Top of GIVEN RECORDS
Lemma wp_act_W4 : wp_act W4 X = s_word [:: S2; S3; S4; S5; S4; S3; S2] X.
Proof.
have -> : s_word [:: S2; S3; S4; S5; S4; S3; S2] X
        = s_act S2 (s_word [:: S3; S4; S5; S4; S3] (s_act S2 X)) by [].
rewrite s_act_S2_coords -?wp_act_W1_word; first by maps_generic x_generic.
all: by neq0_generic x_generic.
Qed.

Lemma wp_act_W5 : wp_act W5 X = s_word [:: S1; S2; S3; S4; S5; S4; S3; S2; S1] X.
Proof.
have -> : s_word [:: S1; S2; S3; S4; S5; S4; S3; S2; S1] X
        = s_act S1 (s_act S2 (s_word [:: S3; S4; S5; S4; S3] (s_act S2 (s_act S1 X))))
  by [].
(* The conditions of s_act_S2_coords at s1_coords x are rational in x, so their
   denominators are cleared before testing at integer points. *)
have D_neq0 : s1_coords x 0%N + s1_coords x 2%N - 1 != 0.
  apply: (@neq0_of_mul_eq _ _ (x 4%N * x 5%N)
            (x 0%N * x 5%N + x 2%N * x 4%N - x 4%N * x 5%N)).
    by unfold_maps; field_generic x_generic.
  by neq0_generic x_generic.
have t1_neq0 : s1_coords x 4%N - 1 != 0.
  apply: (@neq0_of_mul_eq _ _ (x 4%N) (1 - x 4%N)).
    by unfold_maps; field_generic x_generic.
  by neq0_generic x_generic.
have s1_neq0 : s1_coords x 5%N - 1 != 0.
  apply: (@neq0_of_mul_eq _ _ (x 5%N) (1 - x 5%N)).
    by unfold_maps; field_generic x_generic.
  by neq0_generic x_generic.
rewrite s_act_S1_coords ?s_act_S2_coords -?wp_act_W1_word //;
  first by maps_generic x_generic.
all: by neq0_generic x_generic.
Qed.

Lemma wp_act_P1 : wp_act P1 X = s_word [:: S0] X.
Proof. by maps_generic x_generic. Qed.

Lemma wp_act_P2 : wp_act P2 X = s_word [:: S2; S3; S2] X.
Proof. by maps_generic x_generic. Qed.

Lemma wp_act_P3 : wp_act P3 X = s_word [:: S1; S2; S3; S2; S1] X.
Proof. by maps_generic x_generic. Qed.

Lemma wp_act_P4 : wp_act P4 X = s_word [:: S1] X.
Proof. by maps_generic x_generic. Qed.

Lemma wp_act_P5 : wp_act P5 X = s_word [:: S3; S4; S3] X.
Proof. by maps_generic x_generic. Qed.

Lemma wp_act_P6 : wp_act P6 X = s_word [:: S4] X.
Proof. by maps_generic x_generic. Qed.

End GenericPoint.

Theorem mainTheorem10 :
  (forall g : Sgen, exists l : seq WPgen,
      s_act g generic = wp_word l generic) /\
  (forall g : WPgen, exists l : seq Sgen,
      wp_act g generic = s_word l generic).
Proof.
have Xgen := Xg_generic.
split; case.
- exact: ex_intro (s_act_S0 Xgen).
- exact: ex_intro (s_act_S1 Xgen).
- exact: ex_intro (s_act_S2 Xgen).
- exact: ex_intro (s_act_S3 Xgen).
- exact: ex_intro (s_act_S4 Xgen).
- exact: ex_intro (s_act_S5 Xgen).
- exact: ex_intro (wp_act_W1 Xgen).
- exact: ex_intro (wp_act_W2 Xgen).
- exact: ex_intro (wp_act_W3 Xgen).
- exact: ex_intro (wp_act_W4 Xgen).
- exact: ex_intro (wp_act_W5 Xgen).
- exact: ex_intro (wp_act_P1 Xgen).
- exact: ex_intro (wp_act_P2 Xgen).
- exact: ex_intro (wp_act_P3 Xgen).
- exact: ex_intro (wp_act_P4 Xgen).
- exact: ex_intro (wp_act_P5 Xgen).
- exact: ex_intro (wp_act_P6 Xgen).
Qed.
(* Let $A\in\{0,1\}^{m\times m}$, $B\in\{0,1\}^{n\times n}$ be non-degenerate, $\varphi:X_A\to X_B$ an elementary conjugacy and $R_\varphi$ as defined below. For $a\in\{1,\dots,m\}$, $b\in\{1,\dots,n\}$ the following are equivalent: (i) $(R_\varphi)_{a,b}=1$; (ii) there is $a'$ with $\varphi_{\mathrm{loc}}(a,a')=b$; (iii) there is $b'$ with $\varphi^{-1}_{\mathrm{loc}}(b',b)=a$; (iv) there are $x\in X_A$, $y\in X_B$ with $x_0=a$, $y_0=b$ and $y=\varphi(x)$.
   Context: Non-degenerate: no zero rows or columns. $X_A=\{x\in\{1,\dots,m\}^{\mathbb Z}:A_{x_\ell,x_{\ell+1}}=1\ \forall\ell\}$ with the left shift; a conjugacy is a shift-commuting homeomorphism. $\varphi:X_A\to X_B$ is elementary if there are $\varphi_{\mathrm{loc}}$ (on pairs $(a,a')$ with $A_{a,a'}=1$) and $\varphi^{-1}_{\mathrm{loc}}$ (on pairs $(b,b')$ with $B_{b,b'}=1$) with $\varphi(x)_i=\varphi_{\mathrm{loc}}(x_i,x_{i+1})$ and $\varphi^{-1}(y)_i=\varphi^{-1}_{\mathrm{loc}}(y_{i-1},y_i)$ for all $x,y,i$. $R_\varphi\in\{0,1\}^{m\times n}$ is defined by $(R_\varphi)_{a,b}=1$ iff there is $a'$ with $A_{a,a'}=1$ and $\varphi_{\mathrm{loc}}(a,a')=b$. Existential quantifiers over pairs range over allowed pairs. *)

From mathcomp Require Import all_boot all_order all_algebra.
Set Implicit Arguments. Unset Strict Implicit. Unset Printing Implicit Defensive.
Import Order.TTheory GRing.Theory Num.Theory.
Local Open Scope ring_scope.

(* 0/1 matrices are represented as boolean matrices: A_{a,a'} = 1 iff A a a'.
   Symbols {1..m} are represented by 'I_m; bi-infinite sequences by int -> 'I_m. *)

Definition nondegenerate01 (m : nat) (A : 'M[bool]_m) : Prop :=
  (forall i : 'I_m, exists j : 'I_m, A i j) /\ (forall j : 'I_m, exists i : 'I_m, A i j).

Definition inSFT (m : nat) (A : 'M[bool]_m) (x : int -> 'I_m) : Prop :=
  forall l : int, A (x l) (x (l + 1)).

Definition shift (k : nat) (x : int -> 'I_k) : int -> 'I_k := fun i => x (i + 1).

Definition agree (k : nat) (N : nat) (x x' : int -> 'I_k) : Prop :=
  forall i : int, (`|i| <= N)%N -> x i = x' i.

(* continuity (product topology of discrete spaces) of f restricted to the set X *)
Definition continuous_on (k l : nat) (X : (int -> 'I_k) -> Prop)
  (f : (int -> 'I_k) -> (int -> 'I_l)) : Prop :=
  forall x, X x -> forall N : nat, exists M : nat,
    forall x', X x' -> agree M x x' -> agree N (f x) (f x').

Definition is_conjugacy (m n : nat) (A : 'M[bool]_m) (B : 'M[bool]_n)
  (phi : (int -> 'I_m) -> (int -> 'I_n)) (psi : (int -> 'I_n) -> (int -> 'I_m)) : Prop :=
  (forall x, inSFT A x -> inSFT B (phi x)) /\
  (forall y, inSFT B y -> inSFT A (psi y)) /\
  (forall x, inSFT A x -> forall i, psi (phi x) i = x i) /\
  (forall y, inSFT B y -> forall i, phi (psi y) i = y i) /\
  continuous_on (inSFT A) phi /\
  continuous_on (inSFT B) psi /\
  (forall x, inSFT A x -> forall i, phi (shift x) i = shift (phi x) i).

(* the conjugacy phi (inverse psi) is elementary with local rules philoc, psiloc
   (only their values on allowed pairs matter) *)
Definition is_elementary (m n : nat) (A : 'M[bool]_m) (B : 'M[bool]_n)
  (phi : (int -> 'I_m) -> (int -> 'I_n)) (psi : (int -> 'I_n) -> (int -> 'I_m))
  (philoc : 'I_m -> 'I_m -> 'I_n) (psiloc : 'I_n -> 'I_n -> 'I_m) : Prop :=
  (forall x, inSFT A x -> forall i, phi x i = philoc (x i) (x (i + 1))) /\
  (forall y, inSFT B y -> forall i, psi y i = psiloc (y (i - 1)) (y i)).

Definition Rphi (m n : nat) (A : 'M[bool]_m) (philoc : 'I_m -> 'I_m -> 'I_n)
  : 'M[bool]_(m, n) :=
  \matrix_(a < m, b < n) [exists a' : 'I_m, A a a' && (philoc a a' == b)].

(* An allowed pair of symbols of a non-degenerate shift of finite type extends
   to a whole point, by following successors forwards and predecessors
   backwards.  Hence (ii) and (iv) coincide by reading the local rule of phi at
   coordinate 0.  For (iii), a pair b' b allowed in B extends to a point y with
   y_0 = b; the point x := psi y satisfies phi x = y, and the local rule of psi
   at coordinate 0 gives x_0 = psiloc b' b; conversely x_0 = psi (phi x)_0 is
   read off the coordinates -1 and 0 of y = phi x. *)
From mathcomp Require Import all_boot all_order all_algebra.
From mathcomp Require Import zify.
Set Implicit Arguments. Unset Strict Implicit. Unset Printing Implicit Defensive.
Import GRing.Theory.
Local Open Scope ring_scope.

Section AllowedPairExtension.
Variables (m : nat) (A : 'M[bool]_m).

Definition succ_sym (i : 'I_m) : 'I_m := odflt i [pick j | A i j].
Definition pred_sym (i : 'I_m) : 'I_m := odflt i [pick j | A j i].

Hypothesis ndA : nondegenerate01 A.

Lemma allowed_succ_sym (i : 'I_m) : A i (succ_sym i).
Proof.
rewrite /succ_sym; case: pickP => [j -> //| noj].
by have [j Aij] := ndA.1 i; move: (noj j); rewrite Aij.
Qed.

Lemma allowed_pred_sym (i : 'I_m) : A (pred_sym i) i.
Proof.
rewrite /pred_sym; case: pickP => [j -> //| noj].
by have [j Aji] := ndA.2 i; move: (noj j); rewrite Aji.
Qed.

Lemma allowed_pair_extends (c d : 'I_m) : A c d ->
  exists x : int -> 'I_m, [/\ inSFT A x, x 0 = c & x 1 = d].
Proof.
move=> Acd.
(* [Negz k] is the integer [-(k+1)] *)
pose x (l : int) : 'I_m := match l with
  | Posz 0 => c
  | Posz k.+1 => iter k succ_sym d
  | Negz k => iter k.+1 pred_sym c
  end.
exists x; split => //; case=> [[|k]|[|k]].
- exact: Acd.
- have -> : Posz k.+1 + 1 = Posz k.+2 by lia.
  exact: allowed_succ_sym.
- have -> : Negz 0 + 1 = 0 by lia.
  exact: allowed_pred_sym.
- have -> : Negz k.+1 + 1 = Negz k by lia.
  exact: allowed_pred_sym.
Qed.

End AllowedPairExtension.

Lemma inSFT_shift (m : nat) (A : 'M[bool]_m) (x : int -> 'I_m) :
  inSFT A x -> inSFT A (shift x).
Proof. by move=> Ax l; exact: Ax. Qed.

Lemma RphiP (m n : nat) (A : 'M[bool]_m) (philoc : 'I_m -> 'I_m -> 'I_n)
    (a : 'I_m) (b : 'I_n) :
  reflect (exists a' : 'I_m, A a a' /\ philoc a a' = b) (Rphi A philoc a b).
Proof.
rewrite /Rphi mxE; apply: (iffP existsP) => [[a' /andP[Aaa' /eqP]] | [a' [Aaa' <-]]].
- by exists a'.
- by exists a'; rewrite Aaa' eqxx.
Qed.

Section ElementaryConjugacy.
Variables (m n : nat) (A : 'M[bool]_m) (B : 'M[bool]_n).
Variables (phi : (int -> 'I_m) -> (int -> 'I_n)) (psi : (int -> 'I_n) -> (int -> 'I_m)).
Variables (philoc : 'I_m -> 'I_m -> 'I_n) (psiloc : 'I_n -> 'I_n -> 'I_m).

Hypothesis ndA : nondegenerate01 A.
Hypothesis ndB : nondegenerate01 B.
Hypothesis phi_SFT : forall x, inSFT A x -> inSFT B (phi x).
Hypothesis psi_SFT : forall y, inSFT B y -> inSFT A (psi y).
Hypothesis psiK : forall x, inSFT A x -> forall i, psi (phi x) i = x i.
Hypothesis phiK : forall y, inSFT B y -> forall i, phi (psi y) i = y i.
Hypothesis phi_local : forall x, inSFT A x -> forall i, phi x i = philoc (x i) (x (i + 1)).
Hypothesis psi_local : forall y, inSFT B y -> forall i, psi y i = psiloc (y (i - 1)) (y i).

Definition graph_at (a : 'I_m) (b : 'I_n) : Prop :=
  exists (x : int -> 'I_m) (y : int -> 'I_n),
    [/\ inSFT A x, inSFT B y, x 0 = a, y 0 = b & forall i, y i = phi x i].

Lemma philoc_graph_at (a : 'I_m) (b : 'I_n) :
  (exists a' : 'I_m, A a a' /\ philoc a a' = b) <-> graph_at a b.
Proof.
split=> [[a' [Aaa' <-]] | [x [y [Ax _ <- <- ->]]]].
- have [x [Ax x0 x1]] := allowed_pair_extends ndA Aaa'.
  exists x, (phi x).
  split; [exact: Ax | exact: phi_SFT | exact: x0 | | by []].
  by rewrite phi_local // add0r x0 x1.
- by exists (x 1); split; [exact: (Ax 0) | rewrite phi_local].
Qed.

Lemma psiloc_graph_at (a : 'I_m) (b : 'I_n) :
  (exists b' : 'I_n, B b' b /\ psiloc b' b = a) <-> graph_at a b.
Proof.
split=> [[b' [Bb'b <-]] | [x [y [Ax By <- <- ephi]]]].
- have [y [By y0 y1]] := allowed_pair_extends ndB Bb'b.
  have Bsy := inSFT_shift By.
  exists (psi (shift y)), (shift y).
  split; [exact: psi_SFT | exact: Bsy | | exact: y1 | by move=> i; rewrite phiK].
  by rewrite psi_local // /shift sub0r addNr y0 add0r y1.
- exists (y (-1)); split; first by have := By (-1); rewrite addNr.
  by rewrite -(psiK Ax 0) (psi_local (phi_SFT Ax)) !ephi.
Qed.

End ElementaryConjugacy.

Theorem mainTheorem10 (m n : nat) (A : 'M[bool]_m) (B : 'M[bool]_n)
  (phi : (int -> 'I_m) -> (int -> 'I_n)) (psi : (int -> 'I_n) -> (int -> 'I_m))
  (philoc : 'I_m -> 'I_m -> 'I_n) (psiloc : 'I_n -> 'I_n -> 'I_m) :
  nondegenerate01 A -> nondegenerate01 B ->
  is_conjugacy A B phi psi ->
  is_elementary A B phi psi philoc psiloc ->
  forall (a : 'I_m) (b : 'I_n),
    (Rphi A philoc a b <-> exists a' : 'I_m, A a a' /\ philoc a a' = b) /\
    (Rphi A philoc a b <-> exists b' : 'I_n, B b' b /\ psiloc b' b = a) /\
    (Rphi A philoc a b <->
       exists (x : int -> 'I_m) (y : int -> 'I_n),
         [/\ inSFT A x, inSFT B y, x 0 = a, y 0 = b & forall i, y i = phi x i]).
Proof.
move=> ndA ndB [phi_SFT [psi_SFT [psiK [phiK _]]]] [phi_local psi_local] a b.
have R_ii : Rphi A philoc a b <-> exists a', A a a' /\ philoc a a' = b.
  by split=> /RphiP.
have ii_iv := philoc_graph_at ndA phi_SFT phi_local a b.
have iii_iv := psiloc_graph_at ndB phi_SFT psi_SFT psiK phiK psi_local a b.
split; [exact: R_ii | split].
- by rewrite R_ii ii_iv iii_iv.
- by rewrite R_ii ii_iv.
Qed.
Bottom of GIVEN RECORDS
WORK ORDER: Lines with "GRing" in them are what the answer must contain; copy each from the records above.

ANSWER FOR THIS EXERCISE:
Import Order.TTheory GRing.Theory Num.Theory.
Import GRing.Theory.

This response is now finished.